Saved entries:
========================================

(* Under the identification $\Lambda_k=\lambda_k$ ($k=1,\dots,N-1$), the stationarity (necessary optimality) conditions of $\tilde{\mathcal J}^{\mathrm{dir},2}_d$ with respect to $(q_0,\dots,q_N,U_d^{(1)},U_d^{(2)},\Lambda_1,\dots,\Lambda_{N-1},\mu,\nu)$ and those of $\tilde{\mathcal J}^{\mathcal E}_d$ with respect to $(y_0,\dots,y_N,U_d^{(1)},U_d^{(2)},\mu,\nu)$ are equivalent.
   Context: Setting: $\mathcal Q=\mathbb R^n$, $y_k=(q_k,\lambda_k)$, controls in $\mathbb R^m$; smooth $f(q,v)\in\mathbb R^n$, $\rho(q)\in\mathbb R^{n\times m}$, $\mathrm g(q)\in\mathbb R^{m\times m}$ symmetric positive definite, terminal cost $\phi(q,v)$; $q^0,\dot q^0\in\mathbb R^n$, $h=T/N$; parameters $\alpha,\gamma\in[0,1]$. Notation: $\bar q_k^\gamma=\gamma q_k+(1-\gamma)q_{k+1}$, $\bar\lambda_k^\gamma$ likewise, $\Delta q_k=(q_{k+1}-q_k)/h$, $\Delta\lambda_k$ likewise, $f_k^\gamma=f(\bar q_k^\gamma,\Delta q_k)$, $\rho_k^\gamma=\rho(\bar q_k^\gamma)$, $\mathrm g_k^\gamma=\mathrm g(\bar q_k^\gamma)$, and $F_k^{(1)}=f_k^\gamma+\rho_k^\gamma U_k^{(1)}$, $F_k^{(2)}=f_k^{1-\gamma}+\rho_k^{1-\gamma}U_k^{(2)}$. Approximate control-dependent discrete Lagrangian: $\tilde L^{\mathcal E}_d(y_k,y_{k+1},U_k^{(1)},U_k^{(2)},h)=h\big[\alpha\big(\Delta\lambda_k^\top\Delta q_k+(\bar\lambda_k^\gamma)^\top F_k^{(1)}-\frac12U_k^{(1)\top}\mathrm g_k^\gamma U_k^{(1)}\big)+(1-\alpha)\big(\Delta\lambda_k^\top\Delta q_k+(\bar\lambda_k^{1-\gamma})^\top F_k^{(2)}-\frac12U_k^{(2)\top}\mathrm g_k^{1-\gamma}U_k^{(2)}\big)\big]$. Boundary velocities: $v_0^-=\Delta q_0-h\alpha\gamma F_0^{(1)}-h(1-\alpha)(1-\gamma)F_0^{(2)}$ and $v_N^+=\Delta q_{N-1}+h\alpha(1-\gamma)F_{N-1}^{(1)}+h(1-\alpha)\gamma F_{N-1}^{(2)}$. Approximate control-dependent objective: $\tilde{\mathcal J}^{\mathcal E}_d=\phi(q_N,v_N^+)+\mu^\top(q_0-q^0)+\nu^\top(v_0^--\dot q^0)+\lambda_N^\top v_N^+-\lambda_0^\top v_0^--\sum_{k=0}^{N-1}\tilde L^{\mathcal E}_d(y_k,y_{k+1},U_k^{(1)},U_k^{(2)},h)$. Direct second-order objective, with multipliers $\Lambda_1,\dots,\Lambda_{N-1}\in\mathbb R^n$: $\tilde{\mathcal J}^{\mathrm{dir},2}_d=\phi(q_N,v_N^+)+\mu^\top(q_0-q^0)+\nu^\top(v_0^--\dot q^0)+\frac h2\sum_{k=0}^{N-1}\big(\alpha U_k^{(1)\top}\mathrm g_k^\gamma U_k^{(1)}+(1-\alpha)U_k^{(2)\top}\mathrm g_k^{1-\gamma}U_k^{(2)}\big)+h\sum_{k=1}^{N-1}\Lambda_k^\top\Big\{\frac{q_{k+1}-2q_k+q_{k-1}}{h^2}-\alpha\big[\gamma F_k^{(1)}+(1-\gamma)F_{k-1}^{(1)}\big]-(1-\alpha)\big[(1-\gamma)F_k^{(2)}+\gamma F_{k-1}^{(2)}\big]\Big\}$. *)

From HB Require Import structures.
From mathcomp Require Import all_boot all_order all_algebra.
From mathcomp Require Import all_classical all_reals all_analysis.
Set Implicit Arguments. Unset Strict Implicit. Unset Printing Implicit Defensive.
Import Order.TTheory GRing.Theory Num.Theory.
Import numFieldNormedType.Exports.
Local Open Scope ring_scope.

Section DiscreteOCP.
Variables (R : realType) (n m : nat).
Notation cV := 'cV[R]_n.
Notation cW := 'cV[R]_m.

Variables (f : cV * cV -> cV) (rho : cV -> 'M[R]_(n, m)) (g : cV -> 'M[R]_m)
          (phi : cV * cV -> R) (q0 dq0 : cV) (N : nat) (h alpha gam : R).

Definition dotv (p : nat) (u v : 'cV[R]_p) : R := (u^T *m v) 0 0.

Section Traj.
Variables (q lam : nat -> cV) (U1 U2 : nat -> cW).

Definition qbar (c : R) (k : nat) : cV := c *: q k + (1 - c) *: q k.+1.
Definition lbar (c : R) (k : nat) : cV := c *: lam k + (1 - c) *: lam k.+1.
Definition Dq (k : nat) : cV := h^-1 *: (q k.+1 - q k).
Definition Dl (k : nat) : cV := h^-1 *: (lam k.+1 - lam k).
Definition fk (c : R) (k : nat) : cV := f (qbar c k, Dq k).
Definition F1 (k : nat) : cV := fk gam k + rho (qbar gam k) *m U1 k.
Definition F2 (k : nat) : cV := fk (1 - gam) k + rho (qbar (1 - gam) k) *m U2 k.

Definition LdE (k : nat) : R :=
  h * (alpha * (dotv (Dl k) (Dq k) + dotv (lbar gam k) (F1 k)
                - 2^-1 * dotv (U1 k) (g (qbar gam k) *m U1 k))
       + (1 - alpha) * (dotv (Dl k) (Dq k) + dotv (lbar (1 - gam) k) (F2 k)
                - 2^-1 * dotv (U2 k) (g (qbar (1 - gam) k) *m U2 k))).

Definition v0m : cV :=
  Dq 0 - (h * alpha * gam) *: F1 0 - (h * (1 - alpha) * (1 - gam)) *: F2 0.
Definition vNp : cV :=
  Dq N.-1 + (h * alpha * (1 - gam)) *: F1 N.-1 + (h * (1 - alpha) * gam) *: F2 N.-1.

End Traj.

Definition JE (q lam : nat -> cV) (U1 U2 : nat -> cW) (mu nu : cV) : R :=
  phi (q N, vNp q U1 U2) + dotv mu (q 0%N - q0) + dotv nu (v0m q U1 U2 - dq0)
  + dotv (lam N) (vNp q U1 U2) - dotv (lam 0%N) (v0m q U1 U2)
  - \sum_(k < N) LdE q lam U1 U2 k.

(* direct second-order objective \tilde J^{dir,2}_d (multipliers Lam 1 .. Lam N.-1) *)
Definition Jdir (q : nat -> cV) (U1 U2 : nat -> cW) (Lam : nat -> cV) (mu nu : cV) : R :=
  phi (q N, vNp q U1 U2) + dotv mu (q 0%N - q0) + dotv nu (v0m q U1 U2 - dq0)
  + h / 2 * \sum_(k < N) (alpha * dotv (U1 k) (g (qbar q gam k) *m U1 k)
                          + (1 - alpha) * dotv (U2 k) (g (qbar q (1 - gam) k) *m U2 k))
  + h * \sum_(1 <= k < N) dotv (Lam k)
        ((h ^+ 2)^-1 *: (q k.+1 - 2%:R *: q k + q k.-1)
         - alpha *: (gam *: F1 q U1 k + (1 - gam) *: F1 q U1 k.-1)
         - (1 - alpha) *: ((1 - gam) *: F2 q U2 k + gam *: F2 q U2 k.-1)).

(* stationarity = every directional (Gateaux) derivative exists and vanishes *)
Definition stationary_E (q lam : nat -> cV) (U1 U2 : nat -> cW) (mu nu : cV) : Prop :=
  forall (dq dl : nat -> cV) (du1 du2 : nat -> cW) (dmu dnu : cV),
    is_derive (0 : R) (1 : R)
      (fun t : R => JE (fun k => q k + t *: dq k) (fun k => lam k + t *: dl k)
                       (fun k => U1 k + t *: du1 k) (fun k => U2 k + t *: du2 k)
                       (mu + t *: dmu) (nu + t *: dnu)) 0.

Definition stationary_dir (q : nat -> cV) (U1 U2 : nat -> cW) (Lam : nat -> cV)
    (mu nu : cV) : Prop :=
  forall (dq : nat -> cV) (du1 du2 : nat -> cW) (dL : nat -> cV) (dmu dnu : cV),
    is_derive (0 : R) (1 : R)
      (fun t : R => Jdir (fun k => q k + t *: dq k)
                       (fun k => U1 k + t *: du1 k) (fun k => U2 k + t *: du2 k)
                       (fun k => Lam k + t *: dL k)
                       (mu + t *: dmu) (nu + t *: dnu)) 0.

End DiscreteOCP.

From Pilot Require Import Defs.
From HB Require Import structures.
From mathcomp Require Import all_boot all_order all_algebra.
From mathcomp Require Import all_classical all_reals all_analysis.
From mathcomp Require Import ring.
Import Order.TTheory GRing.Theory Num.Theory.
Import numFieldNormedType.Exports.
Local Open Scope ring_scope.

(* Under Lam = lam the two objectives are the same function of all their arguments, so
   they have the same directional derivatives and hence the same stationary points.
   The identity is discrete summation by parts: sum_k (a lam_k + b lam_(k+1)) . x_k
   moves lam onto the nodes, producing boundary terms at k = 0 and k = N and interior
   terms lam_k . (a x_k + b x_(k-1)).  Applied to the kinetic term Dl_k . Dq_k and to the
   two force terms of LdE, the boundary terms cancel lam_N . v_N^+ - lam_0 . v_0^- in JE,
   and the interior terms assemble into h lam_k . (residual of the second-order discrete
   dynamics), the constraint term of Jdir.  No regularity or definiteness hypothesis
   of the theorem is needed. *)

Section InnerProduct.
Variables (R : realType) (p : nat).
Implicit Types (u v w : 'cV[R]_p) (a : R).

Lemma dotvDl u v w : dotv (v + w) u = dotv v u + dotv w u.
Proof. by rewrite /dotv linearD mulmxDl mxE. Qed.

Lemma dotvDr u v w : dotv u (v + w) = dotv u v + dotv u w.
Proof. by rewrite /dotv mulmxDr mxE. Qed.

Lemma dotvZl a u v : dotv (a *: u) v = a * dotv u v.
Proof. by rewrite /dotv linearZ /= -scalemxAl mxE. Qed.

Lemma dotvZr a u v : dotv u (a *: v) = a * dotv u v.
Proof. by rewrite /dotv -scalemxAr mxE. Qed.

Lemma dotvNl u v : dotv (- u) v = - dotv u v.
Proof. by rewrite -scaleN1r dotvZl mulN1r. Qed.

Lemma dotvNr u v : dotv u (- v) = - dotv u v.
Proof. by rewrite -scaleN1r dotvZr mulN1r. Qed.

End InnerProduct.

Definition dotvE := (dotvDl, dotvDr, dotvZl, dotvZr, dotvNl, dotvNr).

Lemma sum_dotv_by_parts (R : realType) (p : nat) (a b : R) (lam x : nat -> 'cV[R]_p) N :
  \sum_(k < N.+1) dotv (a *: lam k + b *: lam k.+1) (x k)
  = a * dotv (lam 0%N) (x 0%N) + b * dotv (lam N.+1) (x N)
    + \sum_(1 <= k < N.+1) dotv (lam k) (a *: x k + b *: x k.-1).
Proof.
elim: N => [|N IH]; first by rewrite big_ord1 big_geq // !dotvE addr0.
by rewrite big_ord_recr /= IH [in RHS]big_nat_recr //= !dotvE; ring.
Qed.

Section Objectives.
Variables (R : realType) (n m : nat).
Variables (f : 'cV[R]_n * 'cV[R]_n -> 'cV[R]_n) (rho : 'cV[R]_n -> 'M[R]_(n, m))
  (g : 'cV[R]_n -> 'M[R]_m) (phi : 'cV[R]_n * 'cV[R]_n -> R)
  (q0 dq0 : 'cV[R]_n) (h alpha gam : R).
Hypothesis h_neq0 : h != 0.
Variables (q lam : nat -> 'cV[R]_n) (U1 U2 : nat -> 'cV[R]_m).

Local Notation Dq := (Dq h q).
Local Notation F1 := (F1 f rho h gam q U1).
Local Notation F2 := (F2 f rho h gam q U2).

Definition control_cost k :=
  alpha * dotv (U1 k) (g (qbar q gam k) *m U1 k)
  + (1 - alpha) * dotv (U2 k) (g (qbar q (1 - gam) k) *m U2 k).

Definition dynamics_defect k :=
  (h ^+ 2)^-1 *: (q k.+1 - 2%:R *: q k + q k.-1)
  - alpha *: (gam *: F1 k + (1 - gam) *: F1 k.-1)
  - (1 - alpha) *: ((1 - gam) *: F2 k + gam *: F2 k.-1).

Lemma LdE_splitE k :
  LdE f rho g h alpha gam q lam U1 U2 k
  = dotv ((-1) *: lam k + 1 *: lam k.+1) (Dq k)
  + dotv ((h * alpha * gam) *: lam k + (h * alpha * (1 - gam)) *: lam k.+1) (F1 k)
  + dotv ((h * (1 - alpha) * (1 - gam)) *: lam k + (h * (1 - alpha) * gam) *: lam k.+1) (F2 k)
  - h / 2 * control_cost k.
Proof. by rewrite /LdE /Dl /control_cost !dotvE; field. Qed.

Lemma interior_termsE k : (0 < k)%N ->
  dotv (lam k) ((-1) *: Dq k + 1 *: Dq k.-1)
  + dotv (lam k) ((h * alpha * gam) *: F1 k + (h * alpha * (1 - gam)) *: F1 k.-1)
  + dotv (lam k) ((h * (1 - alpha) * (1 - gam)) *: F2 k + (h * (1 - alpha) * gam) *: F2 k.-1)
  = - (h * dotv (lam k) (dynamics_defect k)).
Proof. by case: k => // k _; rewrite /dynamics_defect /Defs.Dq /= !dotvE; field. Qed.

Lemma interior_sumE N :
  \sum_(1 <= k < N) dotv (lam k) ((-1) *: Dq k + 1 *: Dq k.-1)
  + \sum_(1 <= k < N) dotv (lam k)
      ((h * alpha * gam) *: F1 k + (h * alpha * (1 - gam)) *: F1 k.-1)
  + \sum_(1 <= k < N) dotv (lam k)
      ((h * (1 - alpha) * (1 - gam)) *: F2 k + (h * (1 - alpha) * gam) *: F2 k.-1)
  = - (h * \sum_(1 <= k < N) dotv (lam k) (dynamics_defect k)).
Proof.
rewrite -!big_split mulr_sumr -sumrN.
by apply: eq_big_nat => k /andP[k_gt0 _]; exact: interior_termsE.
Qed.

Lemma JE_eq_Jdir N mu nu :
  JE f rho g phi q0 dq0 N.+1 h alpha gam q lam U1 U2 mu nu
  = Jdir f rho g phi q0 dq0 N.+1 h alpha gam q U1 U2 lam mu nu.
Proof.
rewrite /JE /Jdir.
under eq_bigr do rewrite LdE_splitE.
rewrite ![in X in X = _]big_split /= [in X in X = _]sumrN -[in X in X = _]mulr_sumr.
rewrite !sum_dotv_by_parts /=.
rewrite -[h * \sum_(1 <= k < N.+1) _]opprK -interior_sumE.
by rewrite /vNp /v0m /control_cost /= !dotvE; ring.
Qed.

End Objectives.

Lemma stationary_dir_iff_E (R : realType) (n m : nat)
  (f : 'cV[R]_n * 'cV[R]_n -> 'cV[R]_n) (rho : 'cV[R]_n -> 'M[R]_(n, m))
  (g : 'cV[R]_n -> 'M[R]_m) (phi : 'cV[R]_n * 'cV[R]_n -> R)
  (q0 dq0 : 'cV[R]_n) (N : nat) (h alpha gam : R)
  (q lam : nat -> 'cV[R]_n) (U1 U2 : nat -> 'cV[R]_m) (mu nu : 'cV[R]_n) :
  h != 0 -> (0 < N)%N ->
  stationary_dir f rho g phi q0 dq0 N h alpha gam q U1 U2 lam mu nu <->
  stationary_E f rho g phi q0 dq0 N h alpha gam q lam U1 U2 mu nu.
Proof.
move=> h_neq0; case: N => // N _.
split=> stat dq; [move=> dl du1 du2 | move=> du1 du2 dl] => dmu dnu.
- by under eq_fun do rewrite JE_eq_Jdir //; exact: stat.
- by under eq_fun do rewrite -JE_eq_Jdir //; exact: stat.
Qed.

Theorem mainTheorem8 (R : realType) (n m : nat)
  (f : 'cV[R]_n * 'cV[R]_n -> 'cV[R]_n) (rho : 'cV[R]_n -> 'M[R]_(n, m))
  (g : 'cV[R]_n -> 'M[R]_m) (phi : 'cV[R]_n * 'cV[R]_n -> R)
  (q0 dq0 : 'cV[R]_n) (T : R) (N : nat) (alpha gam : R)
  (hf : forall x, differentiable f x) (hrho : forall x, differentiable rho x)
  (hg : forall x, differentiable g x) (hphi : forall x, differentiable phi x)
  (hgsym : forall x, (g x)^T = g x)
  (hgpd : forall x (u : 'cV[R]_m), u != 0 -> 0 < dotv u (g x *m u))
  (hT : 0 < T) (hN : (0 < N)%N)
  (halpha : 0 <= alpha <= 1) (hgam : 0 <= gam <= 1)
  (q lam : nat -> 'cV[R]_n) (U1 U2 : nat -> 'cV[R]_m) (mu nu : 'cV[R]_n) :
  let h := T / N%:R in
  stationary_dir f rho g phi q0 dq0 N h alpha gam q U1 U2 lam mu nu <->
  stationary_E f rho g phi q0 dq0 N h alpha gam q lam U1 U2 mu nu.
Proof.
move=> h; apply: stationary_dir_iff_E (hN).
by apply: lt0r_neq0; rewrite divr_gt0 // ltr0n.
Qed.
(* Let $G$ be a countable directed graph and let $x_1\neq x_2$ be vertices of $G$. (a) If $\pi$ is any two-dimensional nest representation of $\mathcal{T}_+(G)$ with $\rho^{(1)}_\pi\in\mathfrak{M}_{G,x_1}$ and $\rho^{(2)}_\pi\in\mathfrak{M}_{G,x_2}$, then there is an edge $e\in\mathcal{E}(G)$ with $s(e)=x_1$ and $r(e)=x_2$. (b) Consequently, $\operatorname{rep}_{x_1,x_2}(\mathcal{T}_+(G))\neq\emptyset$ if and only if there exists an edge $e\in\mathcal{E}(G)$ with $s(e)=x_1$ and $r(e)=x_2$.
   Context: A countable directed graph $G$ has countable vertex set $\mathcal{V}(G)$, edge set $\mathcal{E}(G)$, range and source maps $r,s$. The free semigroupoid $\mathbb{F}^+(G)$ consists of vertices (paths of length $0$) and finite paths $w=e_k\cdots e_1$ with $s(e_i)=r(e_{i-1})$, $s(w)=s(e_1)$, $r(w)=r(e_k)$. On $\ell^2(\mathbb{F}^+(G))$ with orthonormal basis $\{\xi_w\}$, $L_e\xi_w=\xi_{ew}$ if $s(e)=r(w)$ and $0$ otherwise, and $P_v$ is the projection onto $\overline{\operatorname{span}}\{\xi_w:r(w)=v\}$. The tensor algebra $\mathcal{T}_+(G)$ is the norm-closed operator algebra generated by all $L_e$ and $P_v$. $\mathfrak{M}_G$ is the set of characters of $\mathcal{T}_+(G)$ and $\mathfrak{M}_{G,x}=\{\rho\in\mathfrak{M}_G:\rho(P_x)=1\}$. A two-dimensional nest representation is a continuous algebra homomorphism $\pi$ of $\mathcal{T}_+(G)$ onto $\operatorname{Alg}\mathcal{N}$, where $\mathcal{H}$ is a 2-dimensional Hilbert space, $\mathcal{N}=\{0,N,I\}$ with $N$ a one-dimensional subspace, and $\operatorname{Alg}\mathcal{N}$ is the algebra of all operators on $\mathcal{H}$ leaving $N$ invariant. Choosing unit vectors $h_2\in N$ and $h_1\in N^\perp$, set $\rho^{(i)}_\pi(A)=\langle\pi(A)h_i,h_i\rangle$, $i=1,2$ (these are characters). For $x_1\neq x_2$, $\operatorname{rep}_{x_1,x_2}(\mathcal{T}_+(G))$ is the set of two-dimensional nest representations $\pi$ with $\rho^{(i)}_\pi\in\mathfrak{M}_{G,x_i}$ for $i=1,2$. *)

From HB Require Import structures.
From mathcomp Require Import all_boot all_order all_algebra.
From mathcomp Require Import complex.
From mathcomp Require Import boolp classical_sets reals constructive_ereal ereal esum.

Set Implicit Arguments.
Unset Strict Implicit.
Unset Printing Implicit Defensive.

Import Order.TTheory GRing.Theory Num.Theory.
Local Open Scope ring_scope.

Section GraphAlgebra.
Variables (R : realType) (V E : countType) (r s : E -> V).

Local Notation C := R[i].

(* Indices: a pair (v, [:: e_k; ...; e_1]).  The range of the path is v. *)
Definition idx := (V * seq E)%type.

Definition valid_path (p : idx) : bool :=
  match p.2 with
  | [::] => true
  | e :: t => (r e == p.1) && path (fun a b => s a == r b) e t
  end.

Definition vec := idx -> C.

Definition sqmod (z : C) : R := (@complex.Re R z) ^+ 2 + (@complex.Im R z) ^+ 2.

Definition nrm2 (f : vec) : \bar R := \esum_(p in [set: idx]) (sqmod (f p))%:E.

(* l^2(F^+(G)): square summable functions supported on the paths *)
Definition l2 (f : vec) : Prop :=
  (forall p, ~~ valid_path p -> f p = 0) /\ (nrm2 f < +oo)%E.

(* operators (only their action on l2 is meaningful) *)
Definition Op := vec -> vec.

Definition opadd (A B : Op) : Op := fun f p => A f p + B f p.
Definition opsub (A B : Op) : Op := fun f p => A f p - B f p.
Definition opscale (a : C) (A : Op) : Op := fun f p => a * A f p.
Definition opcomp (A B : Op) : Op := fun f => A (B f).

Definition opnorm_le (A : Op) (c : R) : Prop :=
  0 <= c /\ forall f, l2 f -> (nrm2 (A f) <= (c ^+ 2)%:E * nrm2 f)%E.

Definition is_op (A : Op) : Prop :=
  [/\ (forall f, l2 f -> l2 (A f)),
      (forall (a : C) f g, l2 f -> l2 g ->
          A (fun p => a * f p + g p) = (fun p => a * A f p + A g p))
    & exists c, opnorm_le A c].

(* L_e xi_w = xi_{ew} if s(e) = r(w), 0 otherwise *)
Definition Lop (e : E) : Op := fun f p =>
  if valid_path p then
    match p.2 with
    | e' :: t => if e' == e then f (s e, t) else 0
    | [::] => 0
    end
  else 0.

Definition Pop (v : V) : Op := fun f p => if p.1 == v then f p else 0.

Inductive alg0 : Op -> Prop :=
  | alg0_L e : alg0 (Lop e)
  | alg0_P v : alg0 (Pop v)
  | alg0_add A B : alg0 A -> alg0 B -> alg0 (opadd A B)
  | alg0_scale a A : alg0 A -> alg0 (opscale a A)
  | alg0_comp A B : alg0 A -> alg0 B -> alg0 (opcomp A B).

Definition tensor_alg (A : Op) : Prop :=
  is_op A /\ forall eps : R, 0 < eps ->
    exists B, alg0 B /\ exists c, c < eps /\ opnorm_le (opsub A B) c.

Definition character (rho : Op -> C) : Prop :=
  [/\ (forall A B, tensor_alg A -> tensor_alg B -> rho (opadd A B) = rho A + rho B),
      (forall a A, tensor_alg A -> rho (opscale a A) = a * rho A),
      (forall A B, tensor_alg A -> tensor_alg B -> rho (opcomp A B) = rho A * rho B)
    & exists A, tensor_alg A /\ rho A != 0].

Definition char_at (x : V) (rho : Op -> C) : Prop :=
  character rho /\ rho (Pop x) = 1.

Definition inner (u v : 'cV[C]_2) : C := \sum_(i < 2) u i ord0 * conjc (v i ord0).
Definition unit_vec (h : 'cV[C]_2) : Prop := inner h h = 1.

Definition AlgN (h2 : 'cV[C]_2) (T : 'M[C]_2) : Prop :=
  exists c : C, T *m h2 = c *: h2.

========================================

REQUIRED ACTION: When a line in the data above contains the string "lbar", copy that line.

TASK ANSWER:
Definition lbar (c : R) (k : nat) : cV := c *: lam k + (1 - c) *: lam k.+1.
  h * (alpha * (dotv (Dl k) (Dq k) + dotv (lbar gam k) (F1 k)
       + (1 - alpha) * (dotv (Dl k) (Dq k) + dotv (lbar (1 - gam) k) (F2 k)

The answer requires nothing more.